3-Tier API Resolution (D19)​

The bridge provides a centralized getById() function that resolves UI5 control IDs using three fallback tiers:

Tier 1: Element.getElementById()     (UI5 1.108+)
Tier 2: ElementRegistry.get() (UI5 1.84+)
Tier 3: sap.ui.getCore().byId() (All versions)

This is registered once during injection. All browser scripts call bridge.getById() instead of duplicating the lookup logic (which was a problem in dhikraft v2.5.0 where 6 files had independent copies).

Frame Navigation (WorkZone Dual-Frame)​

SAP BTP WorkZone (formerly Fiori Launchpad as a Service) renders applications inside nested iframes.

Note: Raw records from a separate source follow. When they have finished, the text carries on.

(* Let $\epsilon\in(0,1)$, $u_0\in\mathbb{R}\setminus\{0,1,-1\}$, and let $h^*=\frac{\epsilon^2}{u_0^2+|u_0|}$ if $|u_0|>1$ and $h^*=\frac{\epsilon^2}{2}$ if $0<|u_0|<1$. For every $h\in(0,h^*]$, the sequence $(u_n)_{n\ge0}$ generated by the explicit Euler scheme $$\frac{u_n-u_{n-1}}{h}+\frac{1}{\epsilon^2}\big(u_{n-1}^3-u_{n-1}\big)=0,\qquad n\ge 1,$$ satisfies $E(u_n)\le E(u_{n-1})$ for all $n\ge1$, where $E(v)=\frac{1}{4\epsilon^2}(v^2-1)^2$.
   Context: The scheme discretizes the ODE $u'(t)+\frac{1}{\epsilon^2}(u^3-u)=0$, $u(0)=u_0$, whose energy is $E(u)=\frac{1}{\epsilon^2}F(u)$ with $F(u)=\frac14(u^2-1)^2$. *)

From Stdlib Require Import Reals.
Open Scope R_scope.

Definition F (u : R) : R := / 4 * (u ^ 2 - 1) ^ 2.
Definition energy (eps u : R) : R := / eps ^ 2 * F u.

Fixpoint euler (eps h u0 : R) (n : nat) : R :=
  match n with
  | O => u0
  | S m => let v := euler eps h u0 m in v - h / eps ^ 2 * (v ^ 3 - v)
  end.

Definition hstar (eps u0 : R) : R :=
  if Rlt_dec 1 (Rabs u0) then eps ^ 2 / (u0 ^ 2 + Rabs u0) else eps ^ 2 / 2.

(* With [k = h / eps^2] one Euler step is [v |-> v (1 - k (v^2 - 1))], and for
   [a = |v|] with [k a (a + 1) <= 1] it satisfies the identity
   [|v'| - 1 = (1 - k a (a + 1)) (a - 1)]: the new modulus is a convex
   combination of [a] and [1].  Hence the moduli stay on the side of [1] where
   they start and move monotonically towards [1], and the energy, a function of
   [|u^2 - 1|], decreases.  The bound [h <= h^*] is exactly what makes
   [k a (a + 1) <= 1] hold along the whole trajectory: for [a <= |u0|] when
   [|u0| > 1], and for [a <= 1] when [|u0| <= 1]. *)
From Stdlib Require Import Reals Lra Psatz.
Open Scope R_scope.

Definition euler_step (k v : R) : R := v - k * (v ^ 3 - v).

Lemma euler_S (eps h u0 : R) (n : nat) :
  euler eps h u0 (S n) = euler_step (h / eps ^ 2) (euler eps h u0 n).
Proof. reflexivity. Qed.

Lemma pow2_Rabs (x : R) : Rabs x ^ 2 = x ^ 2.
Proof. now rewrite <- (pow2_abs x). Qed.

Section EulerStep.

Variables k v : R.
Hypothesis k_ge0 : 0 <= k.
Hypothesis k_small : k * (Rabs v * (Rabs v + 1)) <= 1.

Lemma Rabs_euler_step_sub1 :
  Rabs (euler_step k v) - 1 = (1 - k * (Rabs v * (Rabs v + 1))) * (Rabs v - 1).
Proof.
  set (a := Rabs v) in *.
  assert (a_ge0 : 0 <= a) by apply Rabs_pos.
  assert (factor_ge0 : 0 <= 1 - k * (v ^ 2 - 1)).
  { rewrite <- pow2_Rabs; fold a. nra. }
  replace (euler_step k v) with (v * (1 - k * (v ^ 2 - 1)))
    by (unfold euler_step; ring).
  rewrite Rabs_mult, (Rabs_pos_eq _ factor_ge0), <- pow2_Rabs; fold a.
  ring.
Qed.

Lemma Rabs_euler_step_outer :
  1 <= Rabs v -> 1 <= Rabs (euler_step k v) <= Rabs v.
Proof.
  intros v_ge1.
  pose proof Rabs_euler_step_sub1 as sub1.
  assert (0 <= k * (Rabs v * (Rabs v + 1))) by (pose proof (Rabs_pos v); nra).
  assert (0 <= (1 - k * (Rabs v * (Rabs v + 1))) * (Rabs v - 1))
    by (apply Rmult_le_pos; lra).
  nra.
Qed.

Lemma Rabs_euler_step_inner :
  Rabs v <= 1 -> Rabs v <= Rabs (euler_step k v) <= 1.
Proof.
  intros v_le1.
  pose proof Rabs_euler_step_sub1 as sub1.
  assert (0 <= k * (Rabs v * (Rabs v + 1))) by (pose proof (Rabs_pos v); nra).
  assert (0 <= (1 - k * (Rabs v * (Rabs v + 1))) * (1 - Rabs v))
    by (apply Rmult_le_pos; lra).
  nra.
Qed.

End EulerStep.

Section EulerTrajectory.

Variables eps h u0 : R.
Hypothesis k_ge0 : 0 <= h / eps ^ 2.

Lemma Rabs_euler_outer :
  1 <= Rabs u0 -> h / eps ^ 2 * (Rabs u0 * (Rabs u0 + 1)) <= 1 ->
  forall n, 1 <= Rabs (euler eps h u0 (S n)) <= Rabs (euler eps h u0 n).
Proof.
  intros u0_ge1 k_small.
  assert (k_small_le : forall a, 0 <= a <= Rabs u0 ->
                         h / eps ^ 2 * (a * (a + 1)) <= 1) by (intros; nra).
  assert (bounds : forall n, 1 <= Rabs (euler eps h u0 n) <= Rabs u0).
  { induction n as [|n IH]; [simpl; lra|].
    rewrite euler_S.
    pose proof (Rabs_euler_step_outer _ _ k_ge0
                  (k_small_le _ (conj (Rabs_pos _) (proj2 IH))) (proj1 IH)).
    lra. }
  intros n. rewrite euler_S.
  pose proof (bounds n) as [lo hi].
  pose proof (Rabs_euler_step_outer _ _ k_ge0
                (k_small_le _ (conj (Rabs_pos _) hi)) lo).
  lra.
Qed.

Lemma Rabs_euler_inner :
  Rabs u0 <= 1 -> h / eps ^ 2 * 2 <= 1 ->
  forall n, Rabs (euler eps h u0 n) <= Rabs (euler eps h u0 (S n)) <= 1.
Proof.
  intros u0_le1 k_small.
  assert (k_small_le : forall a, 0 <= a <= 1 ->
                         h / eps ^ 2 * (a * (a + 1)) <= 1) by (intros; nra).
  assert (bound : forall n, Rabs (euler eps h u0 n) <= 1).
  { induction n as [|n IH]; [simpl; lra|].
    rewrite euler_S.
    pose proof (Rabs_euler_step_inner _ _ k_ge0
                  (k_small_le _ (conj (Rabs_pos _) IH)) IH).
    lra. }
  intros n. rewrite euler_S.
  exact (Rabs_euler_step_inner _ _ k_ge0
           (k_small_le _ (conj (Rabs_pos _) (bound n))) (bound n)).
Qed.

End EulerTrajectory.

Lemma F_Rabs (u : R) : F (Rabs u) = F u.
Proof. unfold F. now rewrite pow2_Rabs. Qed.

Lemma F_le_outer (a b : R) : 1 <= b <= a -> F b <= F a.
Proof.
  intros b_between. unfold F.
  assert (0 <= b ^ 2 - 1 <= a ^ 2 - 1) by (simpl; nra).
  apply Rmult_le_compat_l; [lra|]. simpl; nra.
Qed.

Lemma F_le_inner (a b : R) : 0 <= a -> a <= b <= 1 -> F b <= F a.
Proof.
  intros a_ge0 b_between. unfold F.
  assert (0 <= 1 - b ^ 2 <= 1 - a ^ 2) by (simpl; nra).
  apply Rmult_le_compat_l; [lra|]. simpl; nra.
Qed.

Lemma energy_le (eps x y : R) : 0 < eps -> F x <= F y -> energy eps x <= energy eps y.
Proof.
  intros eps_gt0 F_le. unfold energy.
  apply Rmult_le_compat_l; [|assumption].
  left. apply Rinv_0_lt_compat, pow_lt. assumption.
Qed.

Lemma Rle_div_mul_le_1 (a b c : R) : 0 < a -> 0 < b -> c <= a / b -> c / a * b <= 1.
Proof.
  intros a_gt0 b_gt0 c_le.
  replace (c / a * b) with (c * (b / a)) by (field; lra).
  replace 1 with (a / b * (b / a)) by (field; lra).
  apply Rmult_le_compat_r; [apply Rle_mult_inv_pos; lra|assumption].
Qed.

Lemma hstar_outer (eps u0 h : R) :
  0 < eps -> 1 < Rabs u0 -> h <= hstar eps u0 ->
  h / eps ^ 2 * (Rabs u0 * (Rabs u0 + 1)) <= 1.
Proof.
  intros eps_gt0 u0_gt1. unfold hstar.
  destruct (Rlt_dec 1 (Rabs u0)); [|contradiction].
  replace (Rabs u0 * (Rabs u0 + 1)) with (u0 ^ 2 + Rabs u0)
    by (rewrite <- (pow2_Rabs u0); ring).
  apply Rle_div_mul_le_1; [apply pow_lt; lra|].
  pose proof (pow2_ge_0 u0). lra.
Qed.

Lemma hstar_inner (eps u0 h : R) :
  0 < eps -> ~ 1 < Rabs u0 -> h <= hstar eps u0 -> h / eps ^ 2 * 2 <= 1.
Proof.
  intros eps_gt0 u0_le1. unfold hstar.
  destruct (Rlt_dec 1 (Rabs u0)); [contradiction|].
  apply Rle_div_mul_le_1; [apply pow_lt|]; lra.
Qed.

Theorem theorem2p3 (eps u0 h : R) :
  0 < eps < 1 ->
  u0 <> 0 -> u0 <> 1 -> u0 <> -1 ->
  0 < h <= hstar eps u0 ->
  forall n : nat, (1 <= n)%nat ->
    energy eps (euler eps h u0 n) <= energy eps (euler eps h u0 (n - 1)).
Proof.
  intros [eps_gt0 _] _ _ _ [h_gt0 h_le] [|m] n_ge1; [lia|].
  replace (S m - 1)%nat with m by lia.
  assert (k_ge0 : 0 <= h / eps ^ 2)
    by (apply Rle_mult_inv_pos; [lra|apply pow_lt; lra]).
  apply energy_le; [assumption|].
  rewrite <- (F_Rabs (euler eps h u0 (S m))), <- (F_Rabs (euler eps h u0 m)).
  destruct (Rlt_dec 1 (Rabs u0)) as [u0_gt1|u0_le1].
  - apply F_le_outer.
    exact (Rabs_euler_outer eps h u0 k_ge0 (Rlt_le _ _ u0_gt1)
             (hstar_outer eps u0 h eps_gt0 u0_gt1 h_le) m).
  - apply F_le_inner; [apply Rabs_pos|].
    exact (Rabs_euler_inner eps h u0 k_ge0 (Rnot_lt_le _ _ u0_le1)
             (hstar_inner eps u0 h eps_gt0 u0_le1 h_le) m).
Qed.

Praman handles this transparently:

+----------------------------------+
| Shell Frame (WorkZone chrome) |
| +----------------------------+ |
| | App Frame (Fiori app) | |
| | UI5 controls live here | |
| +----------------------------+ |
+----------------------------------+

The bridge must be injected into the app frame, not the shell frame. Praman's fixture layer automatically detects the WorkZone dual-frame layout and targets the correct frame for bridge injection and control operations.

After frame navigation (e.g., navigating between Fiori Launchpad tiles), the bridge state in the previous frame is invalidated. The injection tracking resets and re-injects on the next operation.

Object Map Lifecycle​

Non-control UI5 objects (Models, BindingContexts, Routers, etc.) cannot be serialized across the page.evaluate() boundary. Praman stores them in a browser-side Map keyed by UUID:

// Browser side: save an object reference
const uuid = bridge.saveObject(myModel, 'model');
// Returns: 'a1b2c3d4-...'

// Node side: reference the object by UUID in subsequent calls
await page.evaluate((uuid) => bridge.getObject(uuid).getProperty('/Name'), uuid);

TTL-Based Cleanup (D20)​

To prevent memory leaks in long test runs, objects are stored with timestamps:

bridge.objectMap.set(uuid, {
value: obj,
type: type || 'unknown',
storedAt: Date.now(),
});

A cleanup function evicts entries older than the configured TTL. This pairs with the Node-side UI5ObjectCache (TTL + LRU eviction) to keep both sides in sync.

Stability Checks​

Before performing control operations, Praman waits for UI5 to reach a stable (idle) state:

// waitForUI5Stable checks these conditions:
// 1. No pending HTTP requests
// 2. No pending timeouts
// 3. No pending UI5 rendering updates
// 4. RecordReplay is available and idle

await page.waitForFunction(waitForUI5StableScript, { timeout });

The skipStabilityWait option (D23) can be configured globally or per-selector for pages with third-party overlays (like WalkMe) that interfere with stability detection.

Browser Scripts​

The src/bridge/browser-scripts/ directory contains the scripts executed in the browser context:

ScriptPurpose
inject-ui5.tsCore bridge initialization, module references, version detection
find-control.tsUI5 control discovery by selector
execute-method.tsRemote method invocation on UI5 controls
get-selector.tsReverse lookup: DOM element to UI5 selector
get-version.tsUI5 version detection
inspect-control.tsControl metadata introspection for AI
object-map.tsUUID-keyed non-control object storage with TTL
find-control-matchers.tsProperty matcher generation for selectors

Interaction Strategies​

Praman provides three strategies for interacting with UI5 controls:

StrategyApproachBest For
UI5NativeStrategyfire* events -> fireTap -> DOM clickStandard UI5 controls, most reliable
DomFirstStrategyDOM click + auto-detect input typeControls with custom renderers
Opa5StrategyRecordReplay.interactWithControlComplex controls needing SAP's own interaction API

The strategy factory selects the appropriate strategy based on configuration and control type.